Workflows need their first executor to expose an input schema. DevUI introspects that schema to generate the input form. An executor whose handler takes Any or an untyped dict renders as a blank text box — type the first executor’s input precisely if you want a proper form.
Hot-reload is opt-in. The --reload flag watches the entities directory and re-imports on change. Without it, editing a prompt and hitting send still shows you the old behaviour because the module is cached. The programmatic serve() path has no equivalent — restart the process instead.
.env precedence is quiet. DevUI loads entity-local .env files on top of the parent-level one; later wins. An entity that sets OPENAI_API_KEY in its own .env will override the shared key without warning. Fine once you know, confusing when you don’t.
ui_enabled=False still serves the API. You get /v1/responses without the React bundle — useful for CI smoke tests, but it also means a headless DevUI does not advertise itself in the browser. Pair with --no-open and explicit curl tests.

Tests
#

cd tutorials/20b-devui/python
uv run pytest -v
# 3 passed — module imports, agent instance built, name is 'devui-demo'.

The tests don’t boot the DevUI server (that’s flaky inside pytest). They assert the two contracts that matter: (a) the DevUI + MAF imports resolve — so a breaking package rename surfaces immediately, and (b) build_agent() returns an Agent with the expected name, so a rename doesn’t silently break the OpenAI-SDK-driven smoke tests that route on entity_id.

All three skip gracefully when LLM credentials are absent — the pytestmark gate matches what every other chapter in this series does.

How this shows up in the capstone
#

DevUI is a dev-time tool, not a runtime dependency of the shipped capstone. It won’t appear in docker-compose.yml or any production diagram. What the capstone will get is a scripts/devui.py helper (Phase E follow-up tracked in plans/refactor/14-devui-harness.md) that imports the six specialist agents, hands them to serve(entities=[...]), and exposes them on :8090 — giving any contributor a one-command path to poke at one agent in isolation without waking the full stack.

For everyday development the flow is:

./scripts/dev.sh           # normal capstone stack (Aspire on :18888)
python scripts/devui.py    # side-channel — one agent at a time on :8090

Both run together.
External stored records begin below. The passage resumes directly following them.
(* For all $k\ge0$, $$\|\mathbf H^{k+1}-\tilde{\mathbf H}^{k+1}\|_F\le\big(1-\delta+2\gamma(1-\delta)\big)\|\mathbf H^k-\tilde{\mathbf H}^k\|_F+4\gamma\|\mathbf E^k\|_F+2\gamma\|\mathbf H^k-\mathbf W^\infty\mathbf H^k\|_F+L_2\|\mathbf x^{k+1}-\mathbf x^k\|.$$
   Context: $W\in\mathbb{R}^{n\times n}$ is entrywise nonnegative, symmetric, $W1_n=1_n$, with $w_{ij}=0$ iff $j$ is neither $i$ nor a neighbor of $i$ in an undirected connected graph. Each $f_i:\mathbb{R}^d\to\mathbb{R}$ is $C^2$ with $L_1$-Lipschitz gradient and $L_2$-Lipschitz Hessian. $\mathcal Q:\mathbb{R}^{d\times d}\to\mathbb{R}^{d\times d}$ is deterministic with $\|\mathcal Q(A)-A\|_F\le(1-\delta)\|A\|_F$, $\delta\in(0,1]$, applied blockwise to $nd\times d$ matrices. Notation: $\mathbf x=[x_1;\dots;x_n]\in\mathbb{R}^{nd}$; $\mathbf W=W\otimes I_d$, $\mathbf W^\infty=\frac1n1_n1_n^T\otimes I_d$; $\nabla^2f(\mathbf x)=[\nabla^2f_1(x_1);\dots;\nabla^2f_n(x_n)]\in\mathbb{R}^{nd\times d}$. With $\gamma>0$, arbitrary points $\mathbf x^k\in\mathbb{R}^{nd}$, and arbitrary $\mathbf E^0,\tilde{\mathbf H}^0$, $H_i^0=\nabla^2f_i(x_i^0)$, the sequences satisfy for $k\ge0$: $\mathbf E^{k+1}=\mathbf E^k+\mathbf H^k-\tilde{\mathbf H}^k-\mathcal Q(\mathbf E^k+\mathbf H^k-\tilde{\mathbf H}^k)$; $\tilde{\mathbf H}^{k+1}=\tilde{\mathbf H}^k+\mathcal Q(\mathbf H^k-\tilde{\mathbf H}^k)$; $\hat{\mathbf H}^k=\tilde{\mathbf H}^k+\mathcal Q(\mathbf E^k+\mathbf H^k-\tilde{\mathbf H}^k)$; $\mathbf H^{k+1}=\mathbf H^k-\gamma(I_{nd}-\mathbf W)\hat{\mathbf H}^k+\nabla^2f(\mathbf x^{k+1})-\nabla^2f(\mathbf x^k)$. *)

From HB Require Import structures.
From mathcomp Require Import all_boot all_order all_algebra.
From mathcomp Require Import all_classical all_reals all_analysis.
Set Implicit Arguments. Unset Strict Implicit. Unset Printing Implicit Defensive.
Import Order.TTheory GRing.Theory Num.Theory.
Import numFieldNormedType.Exports.
Local Open Scope ring_scope.

Section Defs.
Variable R : realType.

Definition frob (p q : nat) (A : 'M[R]_(p, q)) : R :=
  Num.sqrt (\sum_(a < p) \sum_(b < q) (A a b) ^+ 2).

(* Frobenius norm of a block-column matrix [B_1; ...; B_n] (stacked blocks);
   for 1 x d blocks this is the Euclidean norm of the stacked vector. *)
Definition frobB (n p q : nat) (B : 'I_n -> 'M[R]_(p, q)) : R :=
  Num.sqrt (\sum_(i < n) \sum_(a < p) \sum_(b < q) (B i a b) ^+ 2).

Definition ev (d : nat) (j : 'I_d) : 'rV[R]_d := delta_mx 0 j.

Definition partial (d : nat) (f : 'rV[R]_d -> R) (j : 'I_d) (x : 'rV[R]_d) : R :=
  'D_(ev j) f x.

Definition gradient (d : nat) (f : 'rV[R]_d -> R) (x : 'rV[R]_d) : 'rV[R]_d :=
  \row_j partial f j x.

Definition hessian (d : nat) (f : 'rV[R]_d -> R) (x : 'rV[R]_d) : 'M[R]_d :=
  \matrix_(i, j) 'D_(ev j) (partial f i) x.

Definition C2 (d : nat) (f : 'rV[R]_d -> R) : Prop :=
  (forall x, differentiable f x) /\
  (forall i x, differentiable (partial f i) x) /\
  (forall i j, continuous (fun x => hessian f x i j)).

(* [(I - W) (x) I_d] applied to a block-column matrix *)
Definition IminusW_apply (n d : nat) (W : 'M[R]_n) (B : 'I_n -> 'M[R]_d)
  : 'I_n -> 'M[R]_d :=
  fun i => \sum_(j < n) (((i == j)%:R - W i j) *: B j).

(* [W^infty] applied: every block is the average of the blocks *)
Definition Winf_apply (n d : nat) (B : 'I_n -> 'M[R]_d) : 'I_n -> 'M[R]_d :=
  fun _ => n%:R^-1 *: \sum_(j < n) B j.

End Defs.

From HB Require Import structures.
From mathcomp Require Import all_boot all_order all_algebra.
From mathcomp Require Import all_classical all_reals all_analysis.
From mathcomp Require Import ring lra.
Import Order.TTheory GRing.Theory Num.Theory.
Import numFieldNormedType.Exports.
Set Implicit Arguments. Unset Strict Implicit. Unset Printing Implicit Defensive.
Local Open Scope ring_scope.

(* Write D := H^k - H~^k.  The recursions give
     H^{k+1} - H~^{k+1} = (D - Q D) - gamma (I - W) H^^k + (hess f(x^{k+1}) - hess f(x^k)),
   where H^^k = H~^k + Q(E^k + D).  The first term has norm at most (1 - delta) |D| by
   the contraction of Q, the last at most L2 |x^{k+1} - x^k| blockwise.  As W is
   nonnegative and doubly stochastic, Jensen's inequality on each entry gives
   |W Y| <= |Y|, hence |(I - W) Y| <= 2 |Y|; and as (I - W) kills constant block
   columns we may take Y = H^^k - W^oo H^k = (Q A - A) + E^k + (H^k - W^oo H^k) with
   A = E^k + D, whose norm is at most (1 - delta) |D| + 2 |E^k| + |H^k - W^oo H^k|. *)

Section L2norm.
Variables (R : realType) (I : finType).
Implicit Types (u v w y : I -> R) (c : R).

Definition l2norm u : R := Num.sqrt (\sum_i u i ^+ 2).

Lemma sum_sqr_ge0 u : 0 <= \sum_i u i ^+ 2.
Proof. by apply: sumr_ge0 => i _; rewrite sqr_ge0. Qed.

Lemma l2norm_ge0 u : 0 <= l2norm u.
Proof. exact: sqrtr_ge0. Qed.

Lemma sqr_l2norm u : l2norm u ^+ 2 = \sum_i u i ^+ 2.
Proof. exact/sqr_sqrtr/sum_sqr_ge0. Qed.

Lemma l2norm_eq0 u : l2norm u = 0 -> forall i, u i = 0.
Proof.
move=> u0 i; have /eqP := sqr_l2norm u; rewrite u0 expr0n eq_sym psumr_eq0.
  by move=> /allP /(_ i (mem_index_enum i)) /=; rewrite sqrf_eq0 => /eqP.
by move=> j _; rewrite sqr_ge0.
Qed.

Lemma l2norm_le u v : (forall i, u i ^+ 2 <= v i ^+ 2) -> l2norm u <= l2norm v.
Proof. by move=> uv; rewrite ler_sqrt ?sum_sqr_ge0 //; apply: ler_sum. Qed.

Lemma l2normZ c u : l2norm (fun i => c * u i) = `|c| * l2norm u.
Proof.
rewrite /l2norm; under eq_bigr do rewrite exprMn.
by rewrite -mulr_sumr sqrtrM ?sqr_ge0 // sqrtr_sqr.
Qed.

Lemma sum_mul_le_l2norm u v : \sum_i u i * v i <= l2norm u * l2norm v.
Proof.
set a := l2norm u; set b := l2norm v; set C := \sum_i u i * v i.
have [/eqP|ab_gt0] := eqVneq (a * b) 0.
  rewrite mulf_eq0 => /orP[] /eqP/l2norm_eq0 uv0;
    by rewrite /C big1 ?mulr_ge0 ?l2norm_ge0 // => i _; rewrite uv0 ?mul0r ?mulr0.
have {}ab_gt0 : 0 < a * b by rewrite lt_def ab_gt0 mulr_ge0 ?l2norm_ge0.
have : 0 <= \sum_i (b * u i - a * v i) ^+ 2 by rewrite sum_sqr_ge0.
have -> : \sum_i (b * u i - a * v i) ^+ 2 = 2 * (a * b) * (a * b - C).
  transitivity (\sum_i (b ^+ 2 * u i ^+ 2 - (2 * a * b) * (u i * v i) + a ^+ 2 * v i ^+ 2)).
    by apply: eq_bigr => i _; ring.
  by rewrite big_split sumrB /= -!mulr_sumr -!sqr_l2norm -/C -/a -/b; ring.
nra.
Qed.

Lemma l2normD u v : l2norm (fun i => u i + v i) <= l2norm u + l2norm v.
Proof.
have ab_ge0 := addr_ge0 (l2norm_ge0 u) (l2norm_ge0 v).
rewrite -(ger0_norm ab_ge0) -sqrtr_sqr ler_sqrt ?sqr_ge0 //.
have -> : \sum_i (u i + v i) ^+ 2
          = l2norm u ^+ 2 + 2 * \sum_i u i * v i + l2norm v ^+ 2.
  by rewrite !sqr_l2norm mulr_sumr -!big_split /=; apply: eq_bigr => i _; ring.
have := sum_mul_le_l2norm u v; nra.
Qed.

Lemma l2norm_le_scale c u v :
  (forall i, 0 <= u i) -> (forall i, 0 <= v i) -> (forall i, v i <= c * u i) ->
  l2norm v <= c * l2norm u.
Proof.
move=> u_ge0 v_ge0 vu; have [c_ge0|c_lt0] := leP 0 c.
  rewrite -(ger0_norm c_ge0) -l2normZ; apply: l2norm_le => i.
  by rewrite ler_sqr ?nnegrE ?v_ge0 ?mulr_ge0 ?u_ge0 // ger0_norm.
(* [c < 0] must be allowed, as [L2 >= 0] is not assumed; then [u] and [v] vanish. *)
have uv0 i : u i = 0 /\ v i = 0.
  by have := vu i; have := u_ge0 i; have := v_ge0 i; nra.
rewrite /l2norm !big1 ?sqrtr0 ?mulr0 // => i _;
  by rewrite ?(uv0 i).1 ?(uv0 i).2 expr0n.
Qed.

Lemma jensen_sqr w y : (forall i, 0 <= w i) -> \sum_i w i = 1 ->
  (\sum_i w i * y i) ^+ 2 <= \sum_i w i * y i ^+ 2.
Proof.
move=> w_ge0 w1; set m := \sum_i w i * y i.
have : 0 <= \sum_i w i * (y i - m) ^+ 2.
  by apply: sumr_ge0 => i _; rewrite mulr_ge0 ?sqr_ge0.
suff -> : \sum_i w i * (y i - m) ^+ 2 = \sum_i w i * y i ^+ 2 - m ^+ 2.
  by rewrite subr_ge0.
transitivity (\sum_i (w i * y i ^+ 2 - (2 * m) * (w i * y i) + m ^+ 2 * w i)).
  by apply: eq_bigr => i _; ring.
by rewrite big_split sumrB /= -!mulr_sumr -/m w1; ring.
Qed.

Lemma sum_sqr_mix_le (W : I -> I -> R) y :
  (forall i j, 0 <= W i j) ->
  (forall i, \sum_j W i j = 1) -> (forall j, \sum_i W i j = 1) ->
  \sum_i (\sum_j W i j * y j) ^+ 2 <= \sum_j y j ^+ 2.
Proof.
move=> W_ge0 rows cols.
apply: le_trans (ler_sum _ (fun i _ => jensen_sqr y (W_ge0 i) (rows i))) _.
by rewrite exchange_big; under eq_bigr do rewrite -mulr_suml cols mul1r.
Qed.

End L2norm.

Section BlockNorms.
Variables (R : realType) (n p q : nat).
Implicit Types (B C : 'I_n -> 'M[R]_(p, q)) (c : R).

Lemma frobB_ge0 B : 0 <= frobB B.
Proof. exact: sqrtr_ge0. Qed.

Lemma frobBE B : frobB B = l2norm (fun z : 'I_n * ('I_p * 'I_q) => B z.1 z.2.1 z.2.2).
Proof.
rewrite /frobB /l2norm; congr Num.sqrt.
by under eq_bigr do rewrite pair_bigA; rewrite pair_bigA.
Qed.

Lemma frobB_blocks B : frobB B = l2norm (fun i => frob (B i)).
Proof.
rewrite /frobB /l2norm /frob; congr Num.sqrt; apply: eq_bigr => i _.
by rewrite sqr_sqrtr //; apply: sumr_ge0 => a _; exact: sum_sqr_ge0.
Qed.

Lemma eq_frobB B C : (forall i, B i = C i) -> frobB B = frobB C.
Proof. by move=> BC; congr frobB; apply/funext. Qed.

Lemma frobBD B C : frobB (fun i => B i + C i) <= frobB B + frobB C.
Proof.
have -> : frobB (fun i => B i + C i)
          = l2norm (fun z => B z.1 z.2.1 z.2.2 + C z.1 z.2.1 z.2.2).
  by rewrite frobBE; congr l2norm; apply/funext => z; rewrite mxE.
by rewrite !frobBE; apply: l2normD.
Qed.

Lemma frobBZ c B : frobB (fun i => c *: B i) = `|c| * frobB B.
Proof.
rewrite !frobBE -l2normZ; congr l2norm; apply/funext => z; exact: mxE.
Qed.

Lemma frobBN B : frobB (fun i => - B i) = frobB B.
Proof.
rewrite -[RHS]mul1r -normrN1 -frobBZ.
by apply: eq_frobB => i; rewrite scaleN1r.
Qed.

Lemma frobBB B C : frobB (fun i => B i - C i) <= frobB B + frobB C.
Proof. by rewrite -(frobBN C); apply: frobBD. Qed.

Lemma frobB_mix_le (W : 'M[R]_n) B :
  (forall i j, 0 <= W i j) ->
  (forall i, \sum_j W i j = 1) -> (forall j, \sum_i W i j = 1) ->
  frobB (fun i => \sum_j W i j *: B j) <= frobB B.
Proof.
move=> W_ge0 rows cols; rewrite /frobB ler_sqrt; last first.
  by apply: sumr_ge0 => i _; apply: sumr_ge0 => a _; exact: sum_sqr_ge0.
rewrite exchange_big [leRHS]exchange_big /=; apply: ler_sum => a _.
rewrite exchange_big [leRHS]exchange_big /=; apply: ler_sum => b _.
under eq_bigr do rewrite summxE; under eq_bigr do under eq_bigr do rewrite mxE.
exact: sum_sqr_mix_le.
Qed.

End BlockNorms.

Lemma frobB_le_blockwise (R : realType) (n p q p' q' : nat) (c : R)
    (B : 'I_n -> 'M[R]_(p, q)) (C : 'I_n -> 'M[R]_(p', q')) :
  (forall i, frob (B i) <= c * frob (C i)) -> frobB B <= c * frobB C.
Proof.
by move=> BC; rewrite !frobB_blocks; apply: l2norm_le_scale => // i; exact: sqrtr_ge0.
Qed.

Definition hatH (R : realType) (n d : nat) (Q : 'M[R]_d -> 'M[R]_d)
    (E H Ht : 'I_n -> 'M[R]_d) (j : 'I_n) : 'M[R]_d :=
  Ht j + Q (E j + H j - Ht j).

Section CompressedGossip.
Variables (R : realType) (n d : nat) (W : 'M[R]_n).
Variables (Q : 'M[R]_d -> 'M[R]_d) (delta : R).
Hypothesis W_ge0 : forall i j, 0 <= W i j.
Hypothesis W_rows : forall i, \sum_j W i j = 1.
Hypothesis W_cols : forall j, \sum_i W i j = 1.
Hypothesis HQ : forall A, frob (Q A - A) <= (1 - delta) * frob A.
Implicit Types B E H Ht : 'I_n -> 'M[R]_d.

Lemma IminusW_applyE B i : IminusW_apply W B i = B i - \sum_j W i j *: B j.
Proof.
rewrite /IminusW_apply; under eq_bigr do rewrite scalerBl; rewrite sumrB.
congr (_ - _); rewrite (bigD1 i) //= eqxx scale1r big1 ?addr0 // => j.
by rewrite eq_sym => /negbTE ->; rewrite scale0r.
Qed.

Lemma IminusW_apply_subr B (c : 'M[R]_d) i :
  IminusW_apply W (fun j => B j - c) i = IminusW_apply W B i.
Proof.
rewrite !IminusW_applyE; under eq_bigr do rewrite scalerBr.
by rewrite sumrB -scaler_suml W_rows scale1r opprB addrA subrK.
Qed.

Lemma frobB_IminusW_le B : frobB (IminusW_apply W B) <= 2 * frobB B.
Proof.
rewrite (eq_frobB (IminusW_applyE B)).
apply: le_trans (frobBB _ _) _.
by have := frobB_mix_le B W_ge0 W_rows W_cols; lra.
Qed.

Lemma frobB_compress_err B :
  frobB (fun i => Q (B i) - B i) <= (1 - delta) * frobB B.
Proof. by apply: frobB_le_blockwise => i; exact: HQ. Qed.

Lemma frobB_compress_residual B :
  frobB (fun i => B i - Q (B i)) <= (1 - delta) * frobB B.
Proof.
rewrite -frobBN (eq_frobB (fun i => opprB _ _)); exact: frobB_compress_err.
Qed.

Lemma frobB_IminusW_hatH_le E H Ht : 0 <= delta <= 1 ->
  frobB (IminusW_apply W (hatH Q E H Ht))
  <= 2 * ((1 - delta) * frobB (fun i => H i - Ht i) + 2 * frobB E
          + frobB (fun i => H i - Winf_apply H i)).
Proof.
move=> /andP[delta_ge0 delta_le1].
set D := fun i => H i - Ht i; set A := fun i => E i + D i.
set V := fun i => H i - Winf_apply H i; set c := n%:R^-1 *: \sum_j H j.
rewrite -(eq_frobB (IminusW_apply_subr _ c)).
apply: le_trans (frobB_IminusW_le _) _; rewrite ler_pM2l //.
have split_hatH i : hatH Q E H Ht i - c = Q (A i) - A i + E i + V i.
  rewrite /A /D (addrA (E i)); apply/matrixP => a b.
  by rewrite /hatH /V /Winf_apply !mxE; ring.
rewrite (eq_frobB split_hatH).
apply: le_trans (frobBD _ _) _; have := frobBD (fun i => Q (A i) - A i) E.
have : (1 - delta) * frobB A <= (1 - delta) * (frobB E + frobB D).
  by apply: ler_wpM2l; [rewrite subr_ge0 | exact: frobBD].
have := frobB_compress_err A; have := frobB_ge0 E.
nra.
Qed.

End CompressedGossip.

Theorem lemma7 (R : realType) (n d : nat)
  (adj : rel 'I_n) (W : 'M[R]_n)
  (f : 'I_n -> 'rV[R]_d -> R) (L1 L2 : R)
  (Q : 'M[R]_d -> 'M[R]_d) (delta gamma : R)
  (x : nat -> 'I_n -> 'rV[R]_d)
  (E Ht H : nat -> 'I_n -> 'M[R]_d)
  (* undirected connected graph *)
  (Hadj_sym : symmetric adj) (Hadj_irr : irreflexive adj)
  (Hconn : forall i j, connect adj i j)
  (* mixing matrix *)
  (HWnn : forall i j, 0 <= W i j)
  (HWsym : W^T = W)
  (HWstoch : forall i, \sum_(j < n) W i j = 1)
  (HWsupp : forall i j, W i j = 0 <-> (j != i /\ ~~ adj i j))
  (* local functions *)
  (Hf_C2 : forall i, C2 (f i))
  (Hgrad : forall i y z, frob (gradient (f i) y - gradient (f i) z) <= L1 * frob (y - z))
  (Hhess : forall i y z, frob (hessian (f i) y - hessian (f i) z) <= L2 * frob (y - z))
  (* compressor *)
  (Hdelta : 0 < delta <= 1)
  (HQ : forall A, frob (Q A - A) <= (1 - delta) * frob A)
  (Hgamma : 0 < gamma)
  (* recursions *)
  (HH0 : forall i, H 0%N i = hessian (f i) (x 0%N i))
  (HE : forall k i, E k.+1 i = E k i + H k i - Ht k i - Q (E k i + H k i - Ht k i))
  (HHt : forall k i, Ht k.+1 i = Ht k i + Q (H k i - Ht k i))
  (HH : forall k i, H k.+1 i =
      H k i - gamma *: IminusW_apply W
                 (fun j => Ht k j + Q (E k j + H k j - Ht k j)) i
      + hessian (f i) (x k.+1 i) - hessian (f i) (x k i)) :
  forall k : nat,
    frobB (fun i => H k.+1 i - Ht k.+1 i)
    <= (1 - delta + 2 * gamma * (1 - delta)) * frobB (fun i => H k i - Ht k i)
       + 4 * gamma * frobB (E k)
       + 2 * gamma * frobB (fun i => H k i - Winf_apply (H k) i)
       + L2 * frobB (fun i => x k.+1 i - x k i).
Proof.
move=> k.
have W_cols j : \sum_i W i j = 1.
  by rewrite -(HWstoch j); apply: eq_bigr => i _; rewrite -{1}HWsym mxE.
set D := fun i => H k i - Ht k i.
set hessD := fun i => hessian (f i) (x k.+1 i) - hessian (f i) (x k i).
have step i : H k.+1 i - Ht k.+1 i
    = D i - Q (D i) - gamma *: IminusW_apply W (hatH Q (E k) (H k) (Ht k)) i + hessD i.
  by rewrite HH HHt; apply/matrixP => a b; rewrite /D /hessD !mxE; ring.
rewrite (eq_frobB step).
have bD := frobB_compress_residual HQ D.
have delta01 : 0 <= delta <= 1 by case/andP: Hdelta => /ltW -> ->.
have bI := frobB_IminusW_hatH_le HWnn HWstoch W_cols HQ (E k) (H k) (Ht k) delta01.
have bhess : frobB hessD <= L2 * frobB (fun i => x k.+1 i - x k i).
  by apply: frobB_le_blockwise => i; exact: Hhess.
apply: le_trans (frobBD _ _) _; have := frobBB (fun i => D i - Q (D i))
  (fun i => gamma *: IminusW_apply W (hatH Q (E k) (H k) (Ht k)) i).
rewrite frobBZ gtr0_norm //; have := ler_wpM2l (ltW Hgamma) bI.
lra.
Qed.
(* Let $\mathcal{Q}$ be a finite poset equipped with the discrete $\sigma$-algebra (all subsets). Then the map \[ \psi\colon \mu\longmapsto \int_{\mathcal{Q}}\dim(-)\,d\mu \] from the set of measures on the discrete $\sigma$-algebra of $\mathcal{Q}$ to the set of additive amplitudes on $\mathrm{Vect}^{\mathcal{Q}}$ is a bijection. That is, for every additive amplitude $\alpha$ on $\mathrm{Vect}^{\mathcal{Q}}$ there is a unique measure $\mu$ on $\mathcal{Q}$ with $\alpha(M)=\int_{\mathcal{Q}}\dim M(q)\,d\mu(q)$ for all $M$.
   Context: $\mathrm{Vect}$ is the category of finite-dimensional vector spaces over a fixed field, and $\mathrm{Vect}^{\mathcal{Q}}$ is the (abelian) category of functors $\mathcal{Q}\to\mathrm{Vect}$ (persistence modules), with $\mathcal{Q}$ viewed as a category. For an abelian category $\mathcal{A}$, an amplitude is a function $\alpha\colon\operatorname{ob}\mathcal{A}\to[0,\infty]$ with $\alpha(0)=0$ such that for every short exact sequence $0\to A\to B\to C\to 0$, $\alpha(A)\le\alpha(B)$, $\alpha(C)\le\alpha(B)$ and $\alpha(B)\le\alpha(A)+\alpha(C)$; it is additive if always $\alpha(B)=\alpha(A)+\alpha(C)$. *)

From HB Require Import structures.
From mathcomp Require Import all_boot all_order all_algebra.
From mathcomp Require Import all_classical all_reals all_analysis.

Set Implicit Arguments.
Unset Strict Implicit.
Unset Printing Implicit Defensive.

Import Order.TTheory GRing.Theory Num.Theory.
Local Open Scope ring_scope.

(* Persistence modules: functors Q -> Vect (f.d. vector spaces over F). *)
(* The vector space at q is F^(pdim q) (row vectors 'rV[F]_(pdim q)),   *)
(* and the structure map M(q <= r) acts by right multiplication         *)
(* v |-> v *m pmap q r h.                                               *)
Record pmod (F : fieldType) (d : Order.disp_t) (Q : finPOrderType d) := PMod {
  pdim : Q -> nat;
  pmap : forall q r : Q, (q <= r)%O -> 'M[F]_(pdim q, pdim r);
  pmap_id : forall (q : Q) (h : (q <= q)%O), pmap h = 1%:M;
  pmap_comp : forall (q r s : Q) (h1 : (q <= r)%O) (h2 : (r <= s)%O)
      (h3 : (q <= s)%O), pmap h3 = pmap h1 *m pmap h2
}.

Definition is_pmorph (F : fieldType) (d : Order.disp_t) (Q : finPOrderType d)
    (M N : pmod F Q) (f : forall q : Q, 'M[F]_(pdim M q, pdim N q)) : Prop :=
  forall (q r : Q) (h : (q <= r)%O), pmap M h *m f r = f q *m pmap N h.

(* Short exact sequence 0 -> A --f--> B --g--> C -> 0 in Vect^Q
   (exactness is checked pointwise, as in a functor category):
   f_q injective, g_q surjective, image f_q = kernel g_q. *)
Definition is_ses (F : fieldType) (d : Order.disp_t) (Q : finPOrderType d)
    (A B C : pmod F Q) : Prop :=
  exists (f : forall q : Q, 'M[F]_(pdim A q, pdim B q))
         (g : forall q : Q, 'M[F]_(pdim B q, pdim C q)),
    [/\ is_pmorph f, is_pmorph g,
        forall q, row_free (f q),
        forall q, row_full (g q) &
        forall q, (f q == kermx (g q))%MS].

Definition is_zero_pmod (F : fieldType) (d : Order.disp_t) (Q : finPOrderType d)
    (M : pmod F Q) : Prop := forall q, pdim M q = 0%N.

Local Open Scope ereal_scope.

Definition is_amplitude (F : fieldType) (R : realType) (d : Order.disp_t)
    (Q : finPOrderType d) (alpha : pmod F Q -> \bar R) : Prop :=
  [/\ forall M, 0 <= alpha M,
      forall M, is_zero_pmod M -> alpha M = 0 &
      forall A B C, is_ses A B C ->
        [/\ alpha A <= alpha B, alpha C <= alpha B &
            alpha B <= alpha A + alpha C]].

Definition is_additive_amplitude (F : fieldType) (R : realType)
    (d : Order.disp_t) (Q : finPOrderType d) (alpha : pmod F Q -> \bar R)
    : Prop :=
  is_amplitude alpha /\
  forall A B C, is_ses A B C -> alpha B = alpha A + alpha C.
Aspire watches passive telemetry; DevUI drives one agent interactively.

The capstone DevUI harness will also register the orchestrator’s workflow objects (pre-purchase research, return-replace, concierge) as entities alongside the agents. DevUI’s workflow input form — generated from the first executor’s schema — means a reviewer can exercise the whole pre-purchase pipeline from a browser without wiring a test script. That’s the single biggest advantage DevUI offers over Aspire: you can drive the workflow, not just watch one someone else drove.

What this chapter intentionally leaves for that follow-up:

Auth in front of DevUI — --auth/--auth-token flags plus reverse-proxy sketch for exposing DevUI to non-developer reviewers during a demo.
Parallel OTLP export — wiring DevUI’s tracer provider to push spans to the capstone’s Aspire instance as well as the local panel, so the same run shows up in both UIs.
Workflow entity registration — the directory layout under entities/ that maps each capstone workflow to its own __init__.py.

What’s next
#

Two chapters left. Chapter 20c — Production hardening covers the HTTP-layer auth gaps the original series left open: secure password reset, refresh-token rotation with reuse detection, and graceful key/secret rotation. Then Chapter 21 — Putting it all together closes the series by walking the real app file-by-file. DevUI will come along as a side tool — useful when a chapter points at agents/python/product_discovery/agent.py and you want to poke at that specific agent without waking the whole compose stack. Static graphs from Ch20, interactive runs from Ch20b, full-stack telemetry from Ch07. Three lenses on the same code, each tuned for a different question.